The following utilizes the current API to define a training-ready CNN.

```rust
use volta::{Sequential, Conv2d, MaxPool2d, Flatten, Linear, ReLU, new_tensor, Adam};
use volta::nn::Module;

fn main() {
    // 1. Define Model
    let model = Sequential::new(vec![
        // Input: 1x28x28
        Box::new(Conv2d::new(1, 6, 5, 1, 2, true)), // Padding 2
        Box::new(ReLU),
        Box::new(MaxPool2d::new(2, 2, 0)),
        // Feature map size here: 6x14x14
        Box::new(Flatten::new()),
        Box::new(Linear::new(6 * 14 * 14, 10, true)),
    ]);

    // 2. Data & Optimizer
    let input = volta::randn(&[4, 1, 28, 28]); // Batch 4
    let target = volta::randn(&[4, 10]);       // Dummy targets
    let params = model.parameters();
    let mut optim = Adam::new(params, 1e-3, (0.9, 0.999), 1e-8);

    // 3. Training Step
    optim.zero_grad();
    let output = model.forward(&input);
    let loss = volta::mse_loss(&output, &target);
    loss.backward();
    optim.step();

    println!("Loss: {:?}", loss.borrow().data[0]);
}
```

## API Overview

The library is designed around a few core concepts:

- **`Tensor`**: The central data structure, an `Rc<RefCell<RawTensor>>`, which holds data, shape, and gradient information. It allows for a mutable, shared structure to build the computation graph.
- **`TensorOps`**: A trait implemented for `Tensor` that provides the ergonomic, user-facing API for all operations (e.g., `tensor.add(&other)`, `tensor.matmul(&weights)`).
- **`nn::Module`**: A trait for building neural network layers (`Linear`, `ReLU`) and composing them into larger models (`Sequential`). It standardizes the `forward()` pass and parameter collection.
- **Optimizers (`Adam`, `SGD`, `Muon`)**: Structures that take a list of model parameters and update their weights based on computed gradients during `step()`.
- **Vision Support:** Implemented `Conv2d` and `MaxPool2d` layers to unlock the ability to build and train Convolutional Neural Networks (CNNs).

## Running the Test Suite

Volta has an extensive test suite that validates the correctness of every operation and its gradient. To run the tests:

```bash
cargo test -- --nocapture
```

To run tests with BLAS acceleration enabled (on macOS):

```bash
cargo test --features accelerate -- --nocapture
```

_Note: One test, `misc_tests::test_adam_vs_sgd`, is known to be flaky as it depends on the random seed and convergence speed. It may occasionally fail._

## Roadmap

The next major steps for Volta are focused on expanding its capabilities to handle more complex models and improving performance.

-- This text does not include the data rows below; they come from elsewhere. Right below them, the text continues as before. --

(* L* > 1 = int_0^oo s e^{-s^2/2} ds, the drift beta adding a definite
   amount already on [0, 1]. *)
Lemma limit_load_gt1 beta : 0 < beta -> 1 < limit_load beta.
Proof.
  intros Hb. destruct (limit_load_bounds beta Hb) as [Hlow _].
  set (g0 := fun s => s * exp (- s^2 / 2)).
  assert (Hg0c : continuous_nonneg g0)
    by (intros x _; apply ex_derive_continuous_R; unfold g0; auto_derive; auto).
  set (G := limit_integrand beta).
  assert (HGc : continuous_nonneg G) by apply limit_integrand_continuous.
  assert (Hlt : RInt g0 0 1 < RInt G 0 1).
  { apply RInt_lt; [lra | intros; apply HGc; lra | intros; apply Hg0c; lra |].
    intros x Hx. unfold g0, G, limit_integrand. apply Rmult_lt_compat_l; [lra|].
    apply exp_increasing. nra. }
  set (d := RInt G 0 1 - RInt g0 0 1).
  assert (Hd : 0 < d) by (unfold d; lra).
  set (B := 2 / d + 2).
  assert (HB : 1 <= B) by (unfold B; assert (0 < 2 / d) by (apply Rdiv_lt_0_compat; lra); lra).
  assert (H1 : RInt G 0 B >= 1 - exp (- B^2 / 2) + d).
  { rewrite (RInt_split G 0 1 B) by (auto; lra).
    assert (RInt g0 1 B <= RInt G 1 B).
    { apply RInt_le; [lra | apply ex_RInt_nonneg; auto; lra | apply ex_RInt_nonneg; auto; lra |].
      intros x Hx. unfold g0, G, limit_integrand. apply Rmult_le_compat_l; [lra|].
      apply exp_le_exp. nra. }
    assert (Hg : @eq R (RInt g0 0 B) (1 - exp (- B^2 / 2))) by (apply RInt_gauss; lra).
    rewrite (RInt_split g0 0 1 B) in Hg by (auto; lra).
    unfold d. lra. }
  assert (H2 : exp (- B^2 / 2) < d / 2).
  { replace (- B^2 / 2) with (- (B^2 / 2)) by field.
    eapply Rle_lt_trans; [apply exp_neg_le; nra|].
    apply Rmult_lt_reg_l with (1 + B^2 / 2); [nra|].
    replace ((1 + B^2 / 2) * (1 / (1 + B^2 / 2))) with 1 by (field; nra).
    assert (d / 2 * B = 1 + d) by (unfold B; field; lra). nra. }
  specialize (Hlow B ltac:(lra)). fold G in Hlow. lra.
Qed.

Lemma rescaled_load_bounds beta r S : 0 < beta -> 4 * beta + 8 <= r -> 0 <= S ->
  RInt (scaled_integrand beta r) 0 S <= erlang_load (r * r + beta * r) (r * r) /\
  erlang_load (r * r + beta * r) (r * r)
    <= RInt (scaled_integrand beta r) 0 S + tail_constant beta * exp (- S).
Proof.
  intros Hb Hr HS.
  assert (Hr0 : 0 < r) by lra.
  destruct (erlang_int_sup (r * r + beta * r) (r * r) ltac:(nra) ltac:(nra)) as [Hlow Hup].
  unfold erlang_load.
  set (I := improper_int (erlang_integrand (r * r + beta * r) (r * r)) 0) in *.
  pose proof (tail_constant_pos beta) as HC.
  split.
  - assert (Hb0 : 0 <= S / r) by (apply Rdiv_le_0_compat; lra).
    pose proof (erlang_rescale beta r (S / r) Hr0 Hb0) as E.
    replace (r * (S / r)) with S in E by (field; lra).
    rewrite <- E. apply Rmult_le_compat_l; [nra|]. apply Hlow; auto.
  - assert (I <= (RInt (scaled_integrand beta r) 0 S + tail_constant beta * exp (- S)) / (r * r)).
    { apply Hup. intros b Hb0.
      apply Rmult_le_reg_l with (r * r); [nra|].
      replace (r * r * ((RInt (scaled_integrand beta r) 0 S + tail_constant beta * exp (- S)) / (r * r)))
        with (RInt (scaled_integrand beta r) 0 S + tail_constant beta * exp (- S)) by (field; lra).
      rewrite (erlang_rescale beta r b Hr0 Hb0).
      apply RInt_tail_le; try lra; [apply scaled_integrand_continuous; lra | | | nra].
      - intros; apply scaled_integrand_nonneg; auto.
      - intros; apply scaled_integrand_dominated; auto. }
    apply Rmult_le_compat_l with (r := r * r) in H; [|nra].
    replace (r * r * ((RInt (scaled_integrand beta r) 0 S + tail_constant beta * exp (- S)) / (r * r)))
      with (RInt (scaled_integrand beta r) 0 S + tail_constant beta * exp (- S)) in H by (field; lra).
    exact H.
Qed.

(* Choosing S with C e^{-S} < eps/3 and then r large: the rescaled load
   converges to L* as r -> +oo. *)
Lemma rescaled_load_cv beta eps : 0 < beta -> 0 < eps ->
  exists R0, 0 <= R0 /\ forall r, R0 <= r ->
  Rabs (erlang_load (r * r + beta * r) (r * r) - limit_load beta) < eps.
Proof.
  intros Hb Heps.
  pose proof (tail_constant_pos beta) as HC. set (C := tail_constant beta) in *.
  set (S := 3 * C / eps).
  assert (HS : 0 < S) by (unfold S; apply Rdiv_lt_0_compat; lra).
  assert (HCS : C * exp (- S) < eps / 3).
  { assert (C * exp (- S) <= C * (1 / (1 + S)))
      by (apply Rmult_le_compat_l; [lra | apply exp_neg_le; lra]).
    assert (C * (1 / (1 + S)) < eps / 3); [|lra].
    apply Rmult_lt_reg_l with (1 + S); [lra|].
    replace ((1 + S) * (C * (1 / (1 + S)))) with C by (field; lra).
    assert (S * eps = 3 * C) by (unfold S; field; lra). nra. }
  destruct (partial_integrals_close beta S (eps / 3) Hb ltac:(lra) ltac:(lra)) as [R1 HR1].
  exists (Rmax (4 * beta + 8) R1). split; [eapply Rle_trans; [|apply Rmax_l]; lra|].
  intros r Hr.
  destruct (rescaled_load_bounds beta r S Hb ltac:(eapply Rle_trans; [apply Rmax_l|exact Hr]) ltac:(lra))
    as [K1 K2].
  destruct (limit_load_bounds beta Hb) as [G1 G2].
  specialize (G1 S ltac:(lra)). specialize (G2 S ltac:(lra)).
  specialize (HR1 r ltac:(eapply Rle_trans; [apply Rmax_r|exact Hr])).
  apply Rabs_def2 in HR1 as [HR1 HR1'].
  fold C in K2, G2. apply Rabs_def1; lra.
Qed.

1.  **Vision Support:** Implement `Conv2d` and `MaxPool2d` layers to unlock the ability to build and train Convolutional Neural Networks (CNNs).
2.  **GPU Acceleration:** Integrate a backend for GPU computation (e.g., `wgpu` for cross-platform support or direct `metal` bindings for macOS) to drastically speed up training.
3.  **Performance Optimization:** Implement SIMD for element-wise operations and further integrate optimized BLAS routines.

### Outstanding Issues

- **Device Argument Ignored**: The `Device::GPU` enum variant exists in `src/device.rs`, but passing it to `to_device` in `src/tensor.rs` causes a panic/unimplemented error.
- **Serialization Fragility**: `Sequential` relies on string-key matching for `state_dict` (e.g., "0.weight"). Renaming layers or changing architecture depth will break loading without helpful error messages.
- **Performance**: `im2col` implementation in `src/nn/layers/conv.rs` materializes the entire matrix in memory. Large batch sizes or high-resolution images will easily OOM even on high-end machines.

## Contributing

Contributions, issues, and feature requests are welcome! Feel free to check the [issues page](https://github.com/rlarson20/volta/issues).

## License

This project is licensed under the MIT License - see the [LICENSE](LICENSE) file for details.